I simply had no idea how far the missions and functions of Virginia public schools have been stretched.  The Equity Audit shows that public schools are suffering from very rapid and severe mission creep.  

The Virginia Department of Education is very quickly working to turn the public school system into an integrated family social services organization.  No word on the reaction of the nine state agencies already tasked with such services.

Yet I find no evidence that anyone has identified the authorization for such a transition, the cost of the new missions, the conflict with the missions of other state agencies or whether the resources are available to accomplish the directives. 

That would be a great task for the Virginia Inspector General. And we know that won’t happen. The Governor would consider such a review “political,” like the parole board investigation. The IG would be fired.

But the view from the corridors of the VDOE appears utterly unconstrained by anything, including clarity or objective measurements of the outcomes they demand.

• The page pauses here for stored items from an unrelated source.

Lemma inverse_cramer :
  fst gx * det2 fx fy = snd fy /\ fst gy * det2 fx fy = - fst fy /\
  snd gx * det2 fx fy = - snd fx /\ snd gy * det2 fx fy = fst fx.
Proof.
  unfold det2. repeat split.
  - transitivity (snd fy * (fst gx * fst fx + fst gy * snd fx) - snd fx * (fst gx * fst fy + fst gy * snd fy));
      [ring | rewrite inv_xx, inv_xy; ring].
  - transitivity (fst fx * (fst gx * fst fy + fst gy * snd fy) - fst fy * (fst gx * fst fx + fst gy * snd fx));
      [ring | rewrite inv_xx, inv_xy; ring].
  - transitivity (snd fy * (snd gx * fst fx + snd gy * snd fx) - snd fx * (snd gx * fst fy + snd gy * snd fy));
      [ring | rewrite inv_yx, inv_yy; ring].
  - transitivity (fst fx * (snd gx * fst fy + snd gy * snd fy) - fst fy * (snd gx * fst fx + snd gy * snd fx));
      [ring | rewrite inv_yx, inv_yy; ring].
Qed.

Lemma det2_inverse : det2 gx gy * det2 fx fy = 1.
Proof.
  destruct inverse_cramer as [Exx [Exy [Eyx Eyy]]].
  transitivity (fst gx * (snd gy * det2 fx fy) - fst gy * (snd gx * det2 fx fy));
    [unfold det2; ring | rewrite Eyy, Eyx, <- inv_xx; ring].
Qed.

Lemma grad_mul_det :
  Cdot V gx * det2 fx fy = fst V * snd fy - snd V * snd fx /\
  Cdot V gy * det2 fx fy = snd V * fst fx - fst V * fst fy.
Proof.
  destruct inverse_cramer as [Exx [Exy [Eyx Eyy]]]. unfold Cdot. split.
  - transitivity (fst V * (fst gx * det2 fx fy) + snd V * (snd gx * det2 fx fy));
      [ring | rewrite Exx, Eyx; ring].
  - transitivity (fst V * (fst gy * det2 fx fy) + snd V * (snd gy * det2 fx fy));
      [ring | rewrite Exy, Eyy; ring].
Qed.
Lemma gadget_lower a (S : pred (option bool)) :
  f a = false -> ~~ S (Some false) || ~~ S (Some true) ->
  CSx Sig0 (tot f) a <= CSx S (gadget f D) (pr a a).
Proof.
move=> fa HS; apply: CSx_ge => [|r /andP[cr /forallP cert]].
  by apply: leq_trans (CSx_le_n _ _ _) _; lia.
move: cr; rewrite consistent_halves lp_pr rp_pr => /andP[cl cr].
apply: leq_trans (CSx_le_cert (r := merge (lp r) (rp r)) _)
                 (leq_trans (psize_merge _ _) (psize_halves r)).
rewrite /is_cert (consistent_merge _ cl cr) cl cr /=; apply/forallP => u.
rewrite (consistent_merge _ cl cr) -topredE /= /tot; apply/implyP => /andP[cul cur].
case fu: (f u) => //; apply: (contraTT _ HS) => _; rewrite negb_or !negbK.
move: (cert (pr u u)) (cert (pr u a)); rewrite !consistent_halves !lp_pr !rp_pr.
by rewrite cul cur cr (gadget_diag fu) (gadget_offdiag fu fa) -!topredE => /= -> ->.
Qed.

Variable k : nat.
Hypothesis width : dnf_width D <= k.

Lemma dnf_term_size t : t \in D -> psize t <= k.
Proof. by move=> tD; apply: leq_trans width; apply: leq_bigmax_cond. Qed.

(* A 0-input (x, y) is certified by fixing a common term on both halves. *)
Lemma gadget_cert0 w : gadget f D w = Some false -> CSx Sig0 (gadget f D) w <= 2 * k.
Proof.
rewrite /gadget; case fx: (f (lp w)) => // -[/negbFE /existsP [t /and3P[tD cx cy]]].
apply: leq_trans (CSx_le_cert (r := pr t t) _) (leq_trans (psize_pr t t) _).
  rewrite /is_cert consistent_halves lp_pr rp_pr cx cy; apply/forallP => w'.
  rewrite consistent_halves lp_pr rp_pr; apply/implyP => /andP[cx' cy'].
  rewrite /gadget (dnf_term_sat tD cx') -topredE /=; apply/eqP; congr Some.
  by apply: negbF; apply/existsP; exists t; rewrite tD cx' cy'.
by move: (dnf_term_size tD); lia.
Qed.

Hypothesis unamb : dnf_unamb D.

Lemma dnf_term_unique t1 t2 x :
  t1 \in D -> t2 \in D -> consistent t1 x -> consistent t2 x -> t1 = t2.
Proof.
move=> D1 D2 c1 c2; move/forallP: unamb => /(_ x) /card_le1_eqP; apply.
  by rewrite !inE D2 c2.
by rewrite !inE D1 c1.
Qed.

(* A 1-input (x, y) is certified by fixing the unique term t of D satisfied
   by x on the left half, and one bit of y violating t on the right half. *)
Lemma gadget_cert1 w : gadget f D w = Some true -> CSx Sig1 (gadget f D) w <= 2 * k.
Proof.
rewrite /gadget; case fx: (f (lp w)) => // -[/existsP no_common].
have [t tD cx] := dnf_term_ex fx.
have [i ti ty] : exists2 i, t i != None & t i != Some (rp w i).
  have /forallPn [i] : ~~ consistent t (rp w).
    by apply: contra_notN no_common => cy; exists t; rewrite tD cx cy.
  by rewrite negb_or => /andP[]; exists i.
set s : pinput n := [ffun j => if j == i then Some (rp w i) else None].
have size_s : psize s <= 1.
  rewrite /psize -(cards1 i); apply: subset_leq_card; apply/subsetP => j.
  by rewrite !inE ffunE; case: (j == i).
have size_t : 0 < psize t by apply/card_gt0P; exists i; rewrite inE.
apply: leq_trans (CSx_le_cert (r := pr t s) _) (leq_trans (psize_pr t s) _).
  rewrite /is_cert consistent_halves lp_pr rp_pr cx /=; apply/andP; split.
    by apply/consP => j b; rewrite ffunE; case: eqP => // -> [].
  apply/forallP => w'; rewrite consistent_halves lp_pr rp_pr.
  apply/implyP => /andP[cx' /consP cy']; rewrite (dnf_term_sat tD cx') -topredE /=.
  apply/eqP; congr Some; apply/existsP => -[t' /and3P[t'D cx'' cy'']].
  move: cy'' ty; rewrite -(dnf_term_unique tD t'D cx' cx'') => /consP cy''.
  case E: (t i) ti => [b|] // _; rewrite (cy'' _ _ E) -(cy' i (rp w i)) ?ffunE ?eqxx //.
by move: (dnf_term_size tD); lia.
Qed.

Lemma gadget_Ccomp : Ccomp (gadget f D) <= 2 * k.
Proof.
rewrite /Ccomp geq_max; apply/andP; split; apply/bigmax_leqP => w; rewrite -topredE /=.
  by move/eqP; apply: gadget_cert0.
by move/eqP; apply: gadget_cert1.
Qed.

End Gadget.

Lemma CS_attained n S (f : input n -> option bool) x0 :
  f x0 \in S -> exists2 x, f x \in S & CS S f = CSx S f x.
Proof.
move=> Sx0; exists [arg max_(x > x0 | f x \in S) CSx S f x]; last exact: bigmax_eq_arg.
by case: arg_maxnP.
Qed.

Theorem theorem2p2 (n : nat) (f : input n -> bool) :
  (exists x : input n, f x = false) ->
  exists (g : input (2 * n) -> option bool) (z : input (2 * n)),
    g z = None /\
    CS Sig0 (tot f) <= minn (CSx Sigb0 g z) (CSx Sigb1 g z) /\
    Ccomp g <= 2 * UC1 f.
Proof.
move=> [a0 fa0].
have [a /eqP [fa] ->] : exists2 a, tot f a \in Sig0 & CS Sig0 (tot f) = CSx Sig0 (tot f) a.
  by apply: (CS_attained (x0 := a0)); rewrite /tot fa0.
have /existsP [D /and3P [rep unamb width]] := has_udnf_UC1 f.
exists (gadget f D), (pr a a); split; first by rewrite /gadget lp_pr fa.
split; last exact: gadget_Ccomp.
by rewrite leq_min !gadget_lower // ?eqxx ?orbT.
Qed.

The goals are open ended, subjective, vague and daunting.

The School Planning Equity Audit checklist has the following major components. I will provide samples only of the checklist items with each:

  1. Plan Development
    • Did we conduct a needs assessment of our community to inform our planning? 
  1. Cultural Competence – Does our plan
    • Reflect that we value diversity? (think school culture) 
    • Ensure that curriculum and instruction (including remote delivery) is culturally affirming? 
    • Include a process to ensure that cultural competency principles are executed in the delivery of our recovery plan? 
  1. Meeting Student Needs – Does our plan
    • Include a process to assess each student and tier services to meet their needs? 
    • Assess the ways in which social determinants of health and health inequities affect our school(s) and communities? 
    • Evaluate our student code of conduct and student discipline referral process to ensure it includes safeguards that assess student trauma manifesting through behaviors (especially for students disproportionately impacted by exclusionary discipline policies and economic insecurity)? 
    • Include providing ongoing support for student social and emotional needs? 
  1. Student and Family Engagement – Does our plan
    • Allocate resources to engage families? 
    • Include an assessment of student and family needs?
    • Include built in processes for ongoing evaluation of family needs? 
    • Include targeted engagement strategies? (especially families marginalized by language, poverty, race, and ability) 
    • Establish protocols to ensure that family engagement strategies and initiatives are developed and implemented through an economic and cultural competency lens? 
    • Include resources to build the capacity of caregivers to support instruction? 
    • Include providing ongoing support for student social and emotional needs? 
  1. Communications and Community Engagement – Does our plan
    • Specify established channels of communication with community partners? 
    • Include an assessment of the resources available in the community? 
    • Include strategies to engage non-traditional education stakeholders (i.e., civil rights organizations, out of school providers, health agencies, etc.)? 
    • Include a process to ensure that engagement and communication strategies are inclusive of the language, dialects, and literacy needs of all families? 
  1. Instruction – Does our plan
    • Incorporate tiered and scaffolded supports for all learners? 
    • Structure instructional time to meet the needs of students with varying levels of access to the internet and technology? 
    • Include professional development and instructional resources for teachers to support student engagement and cultural relevance? 
    • Identify internal and external barriers to student learning and success by student group? 
    • Provide access to translated instructional materials or translation services for non-English speaking caregivers to support student learning? 
  1. Resource Allocation – Does our plan
    • Align budget allocations to the prioritization of marginalized and vulnerable students? 
    • Address teacher retention and recruitment and its impact on teacher assignment in high need schools specifically?
    • Allocate human and collateral resources to deploy new and targeted communication strategies? 
    • Allocate resources to improve communication with students and families (interpretations services, multilingual collateral)? 
    • Provide access to translated instructional materials or translation services for non- English speaking caregivers to support student learning? 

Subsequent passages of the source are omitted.